═════ GIVEN DATA

Theorem lemma5p4 (R : realType) (n : nat) (A : 'M[R[i]]_(n.*2.+2)) :
  (1 <= n)%N ->
  A \in unitmx ->
  (forall alpha : R[i], (n.+1 <= \rank (A - alpha%:M)%R)%N) ->
  exists L : 'M[R[i]]_(n.+1, n.*2.+2),
    \rank L = n.+1 /\ \rank (L :&: mx_image A L)%MS = 0%N.
Proof.
move=> _ _ rankA.
have rankAT b : (n.+1 <= \rank (A^T - b%:M)%R)%N.
  by rewrite -mxrank_tr linearB /= trmxK tr_scalar_mx.
have [L rL dL] := exists_disjoint_preimage rankAT.
by exists L; split; last exact: disjoint_preimage_capmx.
Qed.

══════════

◆ **ACTIVITY**:
Lines before the one containing "by exists L;" are left out. Repeat that line and all lines after it in the records above exactly.

◆ **RESULT**:
by exists L; split; last exact: disjoint_preimage_capmx.
Qed.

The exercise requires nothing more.